[Extracted information Boundary: Start]

(* Let $F$ be an SCF on $n$ voters and three alternatives. Then for every pair of distinct alternatives $a,b$, \[ M^{a,b}(F) \le 6 \sum_{i=1}^n M_i(F). \]
   Context: $L_3$ is the set of linear orders on three alternatives; an SCF is a map $F:(L_3)^n\to\{$alternatives$\}$. For a profile $x\in(L_3)^n$ and alternatives $a\ne b$, $x^{a,b}\in\{0,1\}^n$ is the vector with $x^{a,b}_i=1$ iff voter $i$ ranks $a$ above $b$. $M^{a,b}(F)=\Pr[F(x)=a,\ F(x')=b]$, where $x,x'$ are uniformly random profiles subject to the single restriction $x^{a,b}=x'^{a,b}$ (i.e. $x$ uniform and $x'$ uniform among profiles with the same $a$-vs-$b$ preferences). $M_i(F)$ is the probability that $x_i'$ is a profitable manipulation by voter $i$ at $x$ (i.e. voter $i$, according to $x_i$, strictly prefers $F(x_i',x_{-i})$ to $F(x)$), where $x_1,\dots,x_n,x_i'$ are independent uniform elements of $L_3$. *)

From HB Require Import structures.
From mathcomp Require Import all_boot all_order all_algebra all_fingroup.
Set Implicit Arguments. Unset Strict Implicit. Unset Printing Implicit Defensive.
Import Order.TTheory GRing.Theory Num.Theory.
Local Open Scope ring_scope.

(* A linear order on the alternatives is represented by
   its rank permutation r : {perm 'I_3}; r c is the position of alternative c
   (0 = top). *)
Definition alt := 'I_3.
Definition L3 := {perm 'I_3}.
Definition above (r : L3) (c d : alt) : bool := (r c < r d)%N.

Definition profile (n : nat) := {ffun 'I_n -> L3}.
Definition SCF (n : nat) := profile n -> alt.

Definition pairvec n (x : profile n) (a b : alt) : {ffun 'I_n -> bool} :=
  [ffun i => above (x i) a b].

(* M^{a,b}(F): x uniform, x' uniform among profiles with x'^{a,b} = x^{a,b} *)
Definition Mab n (F : SCF n) (a b : alt) : rat :=
  \sum_(x : profile n)
    (#|profile n|%:R)^-1 *
    ((#|[set x' : profile n | pairvec x' a b == pairvec x a b]|%:R)^-1 *
     (#|[set x' : profile n | (pairvec x' a b == pairvec x a b)
                                && (F x == a) && (F x' == b)]|%:R)).

Definition upd n (x : profile n) (i : 'I_n) (y : L3) : profile n :=
  [ffun j => if j == i then y else x j].

Definition Mi n (F : SCF n) (i : 'I_n) : rat :=
  (#|[set p : profile n * L3 | above (p.1 i) (F (upd p.1 i p.2)) (F p.1)]|%:R)
  / (#|profile n|%:R * #|L3|%:R).

From HB Require Import structures.
From mathcomp Require Import all_boot all_order all_algebra all_fingroup.
From mathcomp Require Import zify ring.
Set Implicit Arguments. Unset Strict Implicit. Unset Printing Implicit Defensive.
Import Order.TTheory GRing.Theory Num.Theory.
Open Scope nat_scope.
Lemma psv_app_min L m R :
  (forall z, In z L -> (m < z)%Z) -> (forall z, In z R -> (m < z)%Z) ->
  psv (L ++ m :: R) = psv L ++ None :: map (lift_link (length L)) (psv R).
Proof.
  intros HL HR. set (x := L ++ m :: R).
  assert (Eleft : forall k, k < length L -> entry x k = entry L k)
    by (intros; apply app_nth1; lia).
  assert (Emin : entry x (length L) = m)
    by (unfold entry, x; rewrite app_nth2, Nat.sub_diag by lia; reflexivity).
  assert (Eright : forall r, entry x (S (length L) + r) = entry R r).
  { intros r. unfold entry, x. rewrite app_nth2 by lia.
    replace (S (length L) + r - length L) with (S r) by lia. reflexivity. }
  unfold psv at 1. replace (length x) with (length L + S (length R))
    by (unfold x; rewrite length_app; reflexivity).
  rewrite seq_app, map_app. simpl seq. simpl map. f_equal; [|f_equal].
  - apply map_ext_in. intros k Hk. apply in_seq in Hk.
    apply psv_at_ext. intros; apply Eleft; lia.
  - unfold psv_at. rewrite Emin. apply prev_smaller_None.
    intros q Hq. rewrite Eleft by exact Hq. apply Z.lt_le_incl, HL, nth_In, Hq.
  - unfold psv. rewrite seq_offset, !map_map. apply map_ext_in. intros r Hr.
    apply in_seq in Hr. unfold psv_at. rewrite Eright, prev_smaller_add.
    rewrite (prev_smaller_ext _ (entry R)) by (intros; apply Eright).
    destruct (prev_smaller (entry R) (entry R r) r); [reflexivity|].
    cbn [prev_smaller]. rewrite Emin.
    assert (Hm : (m < entry R r)%Z) by (apply HR, nth_In; lia).
    destruct (Z.ltb_spec m (entry R r)); [reflexivity | lia].
Qed.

[Extracted information Boundary: End]

### Exercise objective
Wherever a line holds the word "ffun", copy that line out of the entries above.

### Solution
Definition profile (n : nat) := {ffun 'I_n -> L3}.
Definition pairvec n (x : profile n) (a b : alt) : {ffun 'I_n -> bool} :=
  [ffun i => above (x i) a b].
  [ffun j => if j == i then y else x j].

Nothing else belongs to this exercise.